По возвращении в Тифлис Зданевич обнаружил, как он пишет Прайсу, что все его друзья «ушли вправо», а он ушел «влево», он теперь за революцию, а может, и за большевистский путч. Но он, увы, на время был разлучен с политикой и вынужден был творить:
«Контрреволюция пыталась распространиться на Север, но была отброшена, а я продолжал витать в мире моих отживших и потерявших, казалось, всякое значение идей, жил, точно на луне, в захолустном городке Тифлисе, вдалеке от горнила, где создавался новый мир, от центров, где решалась судьба человечества.
Что делал? Работал над материалами, собранными в экспедиции, читал в кругу друзей доклады об искусстве и для этих же друзей издавал книги, которые, кажется, есть и у вас, пописывал заумные стихи, зарабатывал деньги, торгуя мукой и керосином, играл на бирже… работал в американских благотворительных организациях…
…В Тифлисе дышать было больше нечем. Надо было ехать или на Север, или на Запад, но только не оставаться на месте. (Рассказывать о любовной катастрофе и маленькой актрисе Зданевич считает неуместным. Он только объясняет „левым“ друзьям, что он созрел тогда для „левых“ идей, но оказался „в болоте эмиграции“. — Б. Н.)
Могу ли я упрекнуть себя теперь в том, что не уехал на Север? Сделай я это, и меня бы ждало опять дело, деятельность, успехи, быть может, во всяком случае жизнь полновесная и достойная. Долгие годы обуреваемый мечтой попасть в Париж, о котором я столько слышал от отца в детстве, куда так часто отец и старший мой брат ездили до войны и, возвращаясь, рассказывали столько головокружительного, я отказался от всего, что ждало меня на Севере, предпочтя путь забвения, нищеты и разочарований.

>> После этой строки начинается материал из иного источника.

Lemma eigenvalue_opp (F : fieldType) n (A : 'M[F]_n) a :
  eigenvalue (- A) a = eigenvalue A (- a).
Proof.
apply/eigenvalueP/eigenvalueP => -[v vA v_neq0]; exists v => //.
  by rewrite scaleNr -vA mulmxN opprK.
by rewrite mulmxN vA scaleNr opprK.
Qed.

Lemma mulmx_trmx_gt0 (R : realDomainType) n (v : 'rV[R]_n) :
  v != 0 -> 0 < (v *m v^T) 0 0.
Proof.
move=> v_neq0; have sq_ge0 j : 0 <= v 0 j * v^T j 0 by rewrite mxE -expr2 sqr_ge0.
rewrite mxE lt_def sumr_ge0 // andbT; apply: contra v_neq0 => /eqP sum0.
apply/eqP/rowP => j; have := psumr_eq0P (fun j _ => sq_ge0 j) sum0 (i := j) isT.
by rewrite !mxE -expr2 => /eqP; rewrite sqrf_eq0 => /eqP.
Qed.

Lemma rayleigh_le (R : realDomainType) n (A : 'M[R]_n) (l theta : R) (x : 'rV_n) :
  x != 0 ->
  (x *m A *m x^T) 0 0 = theta * (x *m x^T) 0 0 ->
  (x *m A *m x^T) 0 0 <= l * (x *m x^T) 0 0 -> theta <= l.
Proof. by move=> /mulmx_trmx_gt0 x_gt0 ->; rewrite ler_pM2r. Qed.

Lemma rayleigh_ge (R : realDomainType) n (A : 'M[R]_n) (l theta : R) (x : 'rV_n) :
  x != 0 ->
  (x *m A *m x^T) 0 0 = theta * (x *m x^T) 0 0 ->
  l * (x *m x^T) 0 0 <= (x *m A *m x^T) 0 0 -> l <= theta.
Proof. by move=> /mulmx_trmx_gt0 x_gt0 ->; rewrite ler_pM2r. Qed.

Lemma symmetric_lambda_max (R : realType) n (A : 'M[R]_n) :
  (0 < n)%N -> A^T = A -> exists l, is_lambda_max A l /\
  forall v : 'rV_n, (v *m A *m v^T) 0 0 <= l * (v *m v^T) 0 0.
Proof.
move=> n_gt0 A_sym; have [l l_eig l_max] := symmetric_rayleigh_max n_gt0 A_sym.
exists l; split=> //; split=> // mu /eigenvalueP[v vA v_neq0].
apply: (rayleigh_le v_neq0 _ (l_max v)).
by rewrite vA -scalemxAl mxE.
Qed.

В ноябре 20-го (?) года я распродал часть своих вещей, купил пароходный билет четвертого класса (то есть палубный, без места, я тоже так плавал в молодые годы до Батуми. — Б. Н.) и вместе с возвращавшимися в Константинополь военнопленными и рогатым скотом покинул Батум. Через неделю я был в Константинополе, где год прожил в нищете, пока новый билет четвертого класса не позволил мне обменять константинопольскую нищету на Монпарнас».
Как видите, здесь ничего нет о трудностях получения визы (кто помог? парижские влиятельные друзья? московские умелые благодетели?). Зато есть кое-что об утверждении левеющего Зданевича в новой вере: «Константинополю суждено было стать заключительным событием, последним эхом наших политических умозрений. И возвращенный вашим письмом к далеким временам, я вам об этих событиях и собираюсь рассказать».
Увы, Зданевич так и не дошел в своем рассказе до этих «событий» и этих «умозрений». Да он и не написал бы правды, даже имей он время. Если бы он в действительности так стремился на «революционный Север», он вернулся бы туда позднее, из Парижа, вместе с наивными Парнахом, Ромовым, Свечниковым (там сгинувшими). Но он предпочитал жить в Париже, безопасно восхищаясь большевистской Москвой (точь-в-точь, как ушлый Эренбург), и доить сразу двух коров, как наш Юрий Анненков или как (с бо́льшими основаниями и с бо́льшим успехом) их Элюар, их и наши Арагон, Пикассо… Все это можно заключить из романтических «Писем к Филиппу Прайсу», дающих все же некоторые объяснения тому, как жил и как выжил в Тифлисе и Париже И. Зданевич, который был поэт-заумник со вполне практическим складом ума: «Я зарабатывал уйму денег, спекулируя мукой и керосином, но золото… золото быстро растекалось, в загородных садах (ах, крошка Зося! — Б. Н.), на издание книг и журналов, поддержку друзей, на представительство и прочее».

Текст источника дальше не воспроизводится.